To do:
For the listing below, return the line containing "have -> : (y", the line containing "rewrite /rel_gain_term mulrA", and all lines in between, exactly as written and nothing else.

Extracted records:

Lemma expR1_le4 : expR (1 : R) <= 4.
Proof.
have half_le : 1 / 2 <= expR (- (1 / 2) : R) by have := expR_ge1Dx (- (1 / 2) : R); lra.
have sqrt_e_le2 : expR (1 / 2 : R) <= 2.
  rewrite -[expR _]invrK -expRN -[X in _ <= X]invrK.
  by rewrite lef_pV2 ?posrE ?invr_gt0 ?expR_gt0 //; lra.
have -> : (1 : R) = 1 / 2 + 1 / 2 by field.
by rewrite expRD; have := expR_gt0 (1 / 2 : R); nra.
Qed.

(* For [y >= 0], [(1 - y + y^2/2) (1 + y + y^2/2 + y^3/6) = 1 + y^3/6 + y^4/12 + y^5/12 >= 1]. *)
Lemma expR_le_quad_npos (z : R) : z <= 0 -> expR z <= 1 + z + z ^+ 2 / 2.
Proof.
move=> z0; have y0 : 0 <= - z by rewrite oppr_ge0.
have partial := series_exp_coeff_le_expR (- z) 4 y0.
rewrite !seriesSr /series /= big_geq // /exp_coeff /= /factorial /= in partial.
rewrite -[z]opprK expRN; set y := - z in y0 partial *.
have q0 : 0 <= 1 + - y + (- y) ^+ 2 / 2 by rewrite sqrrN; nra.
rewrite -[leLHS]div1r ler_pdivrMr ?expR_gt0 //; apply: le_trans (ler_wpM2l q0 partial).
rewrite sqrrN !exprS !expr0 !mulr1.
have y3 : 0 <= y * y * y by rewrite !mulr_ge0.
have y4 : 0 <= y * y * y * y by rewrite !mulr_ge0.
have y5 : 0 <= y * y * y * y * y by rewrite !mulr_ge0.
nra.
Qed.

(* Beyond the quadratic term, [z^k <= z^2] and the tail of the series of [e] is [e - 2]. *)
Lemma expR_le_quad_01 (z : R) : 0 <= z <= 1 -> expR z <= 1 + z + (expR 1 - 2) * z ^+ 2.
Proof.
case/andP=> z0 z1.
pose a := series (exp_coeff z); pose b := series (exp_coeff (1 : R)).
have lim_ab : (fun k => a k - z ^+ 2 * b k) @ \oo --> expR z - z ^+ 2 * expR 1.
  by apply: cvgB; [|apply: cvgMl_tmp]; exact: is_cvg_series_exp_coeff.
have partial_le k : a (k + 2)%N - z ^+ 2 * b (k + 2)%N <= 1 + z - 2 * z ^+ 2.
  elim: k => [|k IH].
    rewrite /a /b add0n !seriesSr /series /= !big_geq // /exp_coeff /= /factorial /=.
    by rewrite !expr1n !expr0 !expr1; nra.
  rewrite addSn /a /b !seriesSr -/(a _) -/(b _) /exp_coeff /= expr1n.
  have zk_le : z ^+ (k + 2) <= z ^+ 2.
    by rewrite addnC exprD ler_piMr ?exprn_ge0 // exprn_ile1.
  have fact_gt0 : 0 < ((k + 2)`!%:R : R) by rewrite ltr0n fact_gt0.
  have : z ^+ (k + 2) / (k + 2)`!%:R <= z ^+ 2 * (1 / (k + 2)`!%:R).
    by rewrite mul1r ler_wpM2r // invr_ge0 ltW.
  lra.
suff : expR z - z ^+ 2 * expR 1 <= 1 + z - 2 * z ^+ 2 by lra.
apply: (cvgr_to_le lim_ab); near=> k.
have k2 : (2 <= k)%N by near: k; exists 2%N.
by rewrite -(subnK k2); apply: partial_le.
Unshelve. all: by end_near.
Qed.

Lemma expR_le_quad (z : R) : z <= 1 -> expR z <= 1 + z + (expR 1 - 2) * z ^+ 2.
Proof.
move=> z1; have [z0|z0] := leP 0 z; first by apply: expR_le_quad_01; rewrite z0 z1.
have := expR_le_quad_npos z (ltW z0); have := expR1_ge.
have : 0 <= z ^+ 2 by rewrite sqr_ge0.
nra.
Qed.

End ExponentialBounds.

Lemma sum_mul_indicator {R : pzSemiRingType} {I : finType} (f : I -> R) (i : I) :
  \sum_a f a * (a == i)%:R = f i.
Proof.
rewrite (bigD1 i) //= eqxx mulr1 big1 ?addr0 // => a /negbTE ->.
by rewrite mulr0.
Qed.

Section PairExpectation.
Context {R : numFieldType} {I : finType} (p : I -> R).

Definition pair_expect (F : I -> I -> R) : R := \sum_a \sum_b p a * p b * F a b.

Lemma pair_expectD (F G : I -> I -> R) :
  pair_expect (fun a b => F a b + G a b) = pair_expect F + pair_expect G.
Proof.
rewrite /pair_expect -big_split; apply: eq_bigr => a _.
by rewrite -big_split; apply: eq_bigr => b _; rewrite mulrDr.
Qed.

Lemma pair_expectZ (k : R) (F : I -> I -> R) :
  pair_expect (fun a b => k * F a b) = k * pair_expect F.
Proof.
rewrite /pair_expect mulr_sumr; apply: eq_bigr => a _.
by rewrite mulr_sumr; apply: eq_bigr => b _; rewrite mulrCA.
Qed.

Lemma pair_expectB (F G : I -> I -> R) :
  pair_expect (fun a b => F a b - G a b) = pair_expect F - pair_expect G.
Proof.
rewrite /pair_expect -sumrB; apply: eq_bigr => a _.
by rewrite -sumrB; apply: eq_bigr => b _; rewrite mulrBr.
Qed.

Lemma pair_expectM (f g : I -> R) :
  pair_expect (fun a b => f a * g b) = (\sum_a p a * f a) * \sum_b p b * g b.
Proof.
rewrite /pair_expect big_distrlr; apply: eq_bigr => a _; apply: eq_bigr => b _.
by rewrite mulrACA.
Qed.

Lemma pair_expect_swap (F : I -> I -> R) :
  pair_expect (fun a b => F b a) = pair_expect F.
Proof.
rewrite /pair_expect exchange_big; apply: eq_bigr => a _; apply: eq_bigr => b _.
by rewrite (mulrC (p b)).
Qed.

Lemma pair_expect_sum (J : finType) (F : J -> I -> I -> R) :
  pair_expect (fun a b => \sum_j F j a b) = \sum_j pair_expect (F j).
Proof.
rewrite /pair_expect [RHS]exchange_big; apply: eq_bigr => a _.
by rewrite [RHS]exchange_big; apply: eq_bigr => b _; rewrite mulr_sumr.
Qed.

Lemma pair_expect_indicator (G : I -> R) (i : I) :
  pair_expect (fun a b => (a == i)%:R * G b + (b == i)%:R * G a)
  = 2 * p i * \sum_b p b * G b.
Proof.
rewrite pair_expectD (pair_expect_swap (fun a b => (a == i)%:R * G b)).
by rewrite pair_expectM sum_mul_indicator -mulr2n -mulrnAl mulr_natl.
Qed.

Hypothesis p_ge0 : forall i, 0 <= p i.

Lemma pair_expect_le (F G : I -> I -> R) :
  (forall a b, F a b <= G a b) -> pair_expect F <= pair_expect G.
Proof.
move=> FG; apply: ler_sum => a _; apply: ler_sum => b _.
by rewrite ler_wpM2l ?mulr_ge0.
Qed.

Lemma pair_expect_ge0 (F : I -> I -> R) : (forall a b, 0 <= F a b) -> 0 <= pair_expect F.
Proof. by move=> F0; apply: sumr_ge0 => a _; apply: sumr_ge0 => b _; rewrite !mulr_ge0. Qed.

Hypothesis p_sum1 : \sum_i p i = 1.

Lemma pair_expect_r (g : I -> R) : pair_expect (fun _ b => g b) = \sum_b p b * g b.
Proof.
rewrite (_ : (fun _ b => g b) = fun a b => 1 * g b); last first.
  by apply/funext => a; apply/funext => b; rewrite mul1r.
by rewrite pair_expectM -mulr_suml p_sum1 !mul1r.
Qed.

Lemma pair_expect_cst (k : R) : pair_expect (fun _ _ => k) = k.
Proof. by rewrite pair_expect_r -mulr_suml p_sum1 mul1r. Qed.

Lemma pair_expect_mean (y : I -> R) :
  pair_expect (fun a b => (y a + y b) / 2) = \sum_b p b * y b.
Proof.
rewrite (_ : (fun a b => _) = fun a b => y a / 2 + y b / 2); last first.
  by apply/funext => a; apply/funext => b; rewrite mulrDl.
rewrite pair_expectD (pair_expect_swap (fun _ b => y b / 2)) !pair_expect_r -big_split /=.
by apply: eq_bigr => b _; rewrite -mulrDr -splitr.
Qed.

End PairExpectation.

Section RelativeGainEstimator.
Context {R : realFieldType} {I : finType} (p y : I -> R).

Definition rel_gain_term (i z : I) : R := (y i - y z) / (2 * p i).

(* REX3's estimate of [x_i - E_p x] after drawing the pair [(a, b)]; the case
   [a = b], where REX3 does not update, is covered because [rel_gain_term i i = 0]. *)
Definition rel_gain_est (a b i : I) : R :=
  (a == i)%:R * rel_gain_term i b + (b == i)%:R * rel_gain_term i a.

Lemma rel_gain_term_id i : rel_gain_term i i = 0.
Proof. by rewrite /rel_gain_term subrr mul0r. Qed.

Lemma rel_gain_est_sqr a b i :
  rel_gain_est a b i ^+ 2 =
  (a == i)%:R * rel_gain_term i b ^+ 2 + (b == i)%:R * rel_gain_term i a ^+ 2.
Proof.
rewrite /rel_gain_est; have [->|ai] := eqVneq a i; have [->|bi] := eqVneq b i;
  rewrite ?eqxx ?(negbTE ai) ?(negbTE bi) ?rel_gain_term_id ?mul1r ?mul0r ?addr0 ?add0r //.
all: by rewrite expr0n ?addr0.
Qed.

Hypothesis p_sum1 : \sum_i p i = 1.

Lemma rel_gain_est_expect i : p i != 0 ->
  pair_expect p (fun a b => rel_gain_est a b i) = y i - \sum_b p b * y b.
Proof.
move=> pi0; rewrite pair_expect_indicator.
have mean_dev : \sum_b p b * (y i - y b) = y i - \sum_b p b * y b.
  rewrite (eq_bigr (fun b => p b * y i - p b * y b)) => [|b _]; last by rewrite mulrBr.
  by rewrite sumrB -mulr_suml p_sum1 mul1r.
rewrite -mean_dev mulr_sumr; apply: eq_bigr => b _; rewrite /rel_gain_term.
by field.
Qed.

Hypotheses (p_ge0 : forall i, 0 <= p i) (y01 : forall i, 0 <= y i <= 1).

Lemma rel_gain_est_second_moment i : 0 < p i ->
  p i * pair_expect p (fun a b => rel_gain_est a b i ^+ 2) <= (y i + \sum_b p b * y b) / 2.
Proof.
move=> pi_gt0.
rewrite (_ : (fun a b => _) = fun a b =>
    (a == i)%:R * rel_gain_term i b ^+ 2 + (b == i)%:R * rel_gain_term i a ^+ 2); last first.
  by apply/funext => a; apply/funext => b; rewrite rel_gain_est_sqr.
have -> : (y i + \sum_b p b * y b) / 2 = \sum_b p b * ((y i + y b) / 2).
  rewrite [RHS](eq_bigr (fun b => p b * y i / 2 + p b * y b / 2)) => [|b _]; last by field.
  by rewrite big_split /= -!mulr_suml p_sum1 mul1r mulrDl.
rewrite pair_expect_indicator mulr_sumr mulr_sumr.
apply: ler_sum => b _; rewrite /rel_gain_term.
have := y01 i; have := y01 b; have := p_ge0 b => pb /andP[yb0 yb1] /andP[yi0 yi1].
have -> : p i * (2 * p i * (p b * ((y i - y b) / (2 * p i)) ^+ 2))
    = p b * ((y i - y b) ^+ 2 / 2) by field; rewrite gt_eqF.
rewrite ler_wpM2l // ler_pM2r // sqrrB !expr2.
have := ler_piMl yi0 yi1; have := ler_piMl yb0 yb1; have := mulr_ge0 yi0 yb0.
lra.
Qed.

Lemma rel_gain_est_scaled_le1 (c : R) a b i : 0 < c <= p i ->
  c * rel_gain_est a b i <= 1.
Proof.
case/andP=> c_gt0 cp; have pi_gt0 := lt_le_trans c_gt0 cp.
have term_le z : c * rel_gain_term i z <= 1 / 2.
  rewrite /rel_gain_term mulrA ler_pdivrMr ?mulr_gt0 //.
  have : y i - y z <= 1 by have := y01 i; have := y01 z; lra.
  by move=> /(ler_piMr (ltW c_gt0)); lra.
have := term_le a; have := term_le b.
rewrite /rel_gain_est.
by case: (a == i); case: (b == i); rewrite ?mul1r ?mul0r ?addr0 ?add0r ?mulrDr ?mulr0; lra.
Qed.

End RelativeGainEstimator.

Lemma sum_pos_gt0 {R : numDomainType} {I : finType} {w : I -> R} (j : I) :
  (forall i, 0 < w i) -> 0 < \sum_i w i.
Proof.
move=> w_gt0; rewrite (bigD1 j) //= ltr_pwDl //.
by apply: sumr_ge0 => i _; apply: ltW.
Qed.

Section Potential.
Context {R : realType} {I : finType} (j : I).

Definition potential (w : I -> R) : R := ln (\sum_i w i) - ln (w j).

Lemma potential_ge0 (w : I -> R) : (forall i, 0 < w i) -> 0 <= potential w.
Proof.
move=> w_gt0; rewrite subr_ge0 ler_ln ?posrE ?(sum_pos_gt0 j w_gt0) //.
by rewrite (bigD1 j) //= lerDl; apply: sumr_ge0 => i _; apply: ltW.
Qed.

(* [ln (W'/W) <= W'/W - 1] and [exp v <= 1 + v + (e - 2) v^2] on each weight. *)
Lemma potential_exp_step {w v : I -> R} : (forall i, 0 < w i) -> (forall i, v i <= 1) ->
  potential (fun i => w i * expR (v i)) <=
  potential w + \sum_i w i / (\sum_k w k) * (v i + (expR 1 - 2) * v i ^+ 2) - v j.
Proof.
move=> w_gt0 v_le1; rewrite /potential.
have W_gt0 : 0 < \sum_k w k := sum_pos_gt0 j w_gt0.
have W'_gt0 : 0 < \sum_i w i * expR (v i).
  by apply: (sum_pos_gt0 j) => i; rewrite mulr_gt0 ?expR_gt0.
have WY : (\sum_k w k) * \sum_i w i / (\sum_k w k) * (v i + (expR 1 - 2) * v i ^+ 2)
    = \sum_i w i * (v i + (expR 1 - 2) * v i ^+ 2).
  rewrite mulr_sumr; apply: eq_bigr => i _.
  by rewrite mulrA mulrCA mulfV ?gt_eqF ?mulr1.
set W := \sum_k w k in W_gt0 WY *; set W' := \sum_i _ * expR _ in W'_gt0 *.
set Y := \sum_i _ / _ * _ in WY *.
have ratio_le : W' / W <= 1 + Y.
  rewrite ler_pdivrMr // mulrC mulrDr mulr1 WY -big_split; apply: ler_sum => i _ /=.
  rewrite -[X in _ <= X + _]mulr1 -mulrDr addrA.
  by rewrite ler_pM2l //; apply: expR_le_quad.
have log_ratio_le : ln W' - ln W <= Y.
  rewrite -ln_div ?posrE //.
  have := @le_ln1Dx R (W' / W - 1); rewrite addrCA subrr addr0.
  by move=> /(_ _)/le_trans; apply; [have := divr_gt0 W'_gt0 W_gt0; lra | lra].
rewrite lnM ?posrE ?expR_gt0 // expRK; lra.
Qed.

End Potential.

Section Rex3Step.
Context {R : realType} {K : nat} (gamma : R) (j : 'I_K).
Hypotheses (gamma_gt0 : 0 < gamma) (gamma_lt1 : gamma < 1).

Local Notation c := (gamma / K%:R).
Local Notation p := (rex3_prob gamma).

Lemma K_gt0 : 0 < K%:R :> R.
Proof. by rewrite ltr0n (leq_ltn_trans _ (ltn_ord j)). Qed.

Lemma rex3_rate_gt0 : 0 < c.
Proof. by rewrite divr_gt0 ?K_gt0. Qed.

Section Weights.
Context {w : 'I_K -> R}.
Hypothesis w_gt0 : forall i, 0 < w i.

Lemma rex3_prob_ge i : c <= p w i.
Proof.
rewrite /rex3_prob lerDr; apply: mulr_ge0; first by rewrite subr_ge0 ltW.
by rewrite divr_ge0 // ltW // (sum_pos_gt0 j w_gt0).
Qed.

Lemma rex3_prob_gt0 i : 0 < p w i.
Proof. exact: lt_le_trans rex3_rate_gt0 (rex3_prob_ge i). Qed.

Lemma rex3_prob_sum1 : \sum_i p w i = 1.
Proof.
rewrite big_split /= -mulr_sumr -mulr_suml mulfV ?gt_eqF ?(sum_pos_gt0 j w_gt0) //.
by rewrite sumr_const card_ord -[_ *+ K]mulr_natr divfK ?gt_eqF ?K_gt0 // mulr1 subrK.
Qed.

Solution:
have -> : (y i + \sum_b p b * y b) / 2 = \sum_b p b * ((y i + y b) / 2).
  rewrite [RHS](eq_bigr (fun b => p b * y i / 2 + p b * y b / 2)) => [|b _]; last by field.
  by rewrite big_split /= -!mulr_suml p_sum1 mul1r mulrDl.
rewrite pair_expect_indicator mulr_sumr mulr_sumr.
apply: ler_sum => b _; rewrite /rel_gain_term.
have := y01 i; have := y01 b; have := p_ge0 b => pb /andP[yb0 yb1] /andP[yi0 yi1].
have -> : p i * (2 * p i * (p b * ((y i - y b) / (2 * p i)) ^+ 2))
    = p b * ((y i - y b) ^+ 2 / 2) by field; rewrite gt_eqF.
rewrite ler_wpM2l // ler_pM2r // sqrrB !expr2.
have := ler_piMl yi0 yi1; have := ler_piMl yb0 yb1; have := mulr_ge0 yi0 yb0.
lra.
Qed.

Lemma rel_gain_est_scaled_le1 (c : R) a b i : 0 < c <= p i ->
  c * rel_gain_est a b i <= 1.
Proof.
case/andP=> c_gt0 cp; have pi_gt0 := lt_le_trans c_gt0 cp.
have term_le z : c * rel_gain_term i z <= 1 / 2.
  rewrite /rel_gain_term mulrA ler_pdivrMr ?mulr_gt0 //.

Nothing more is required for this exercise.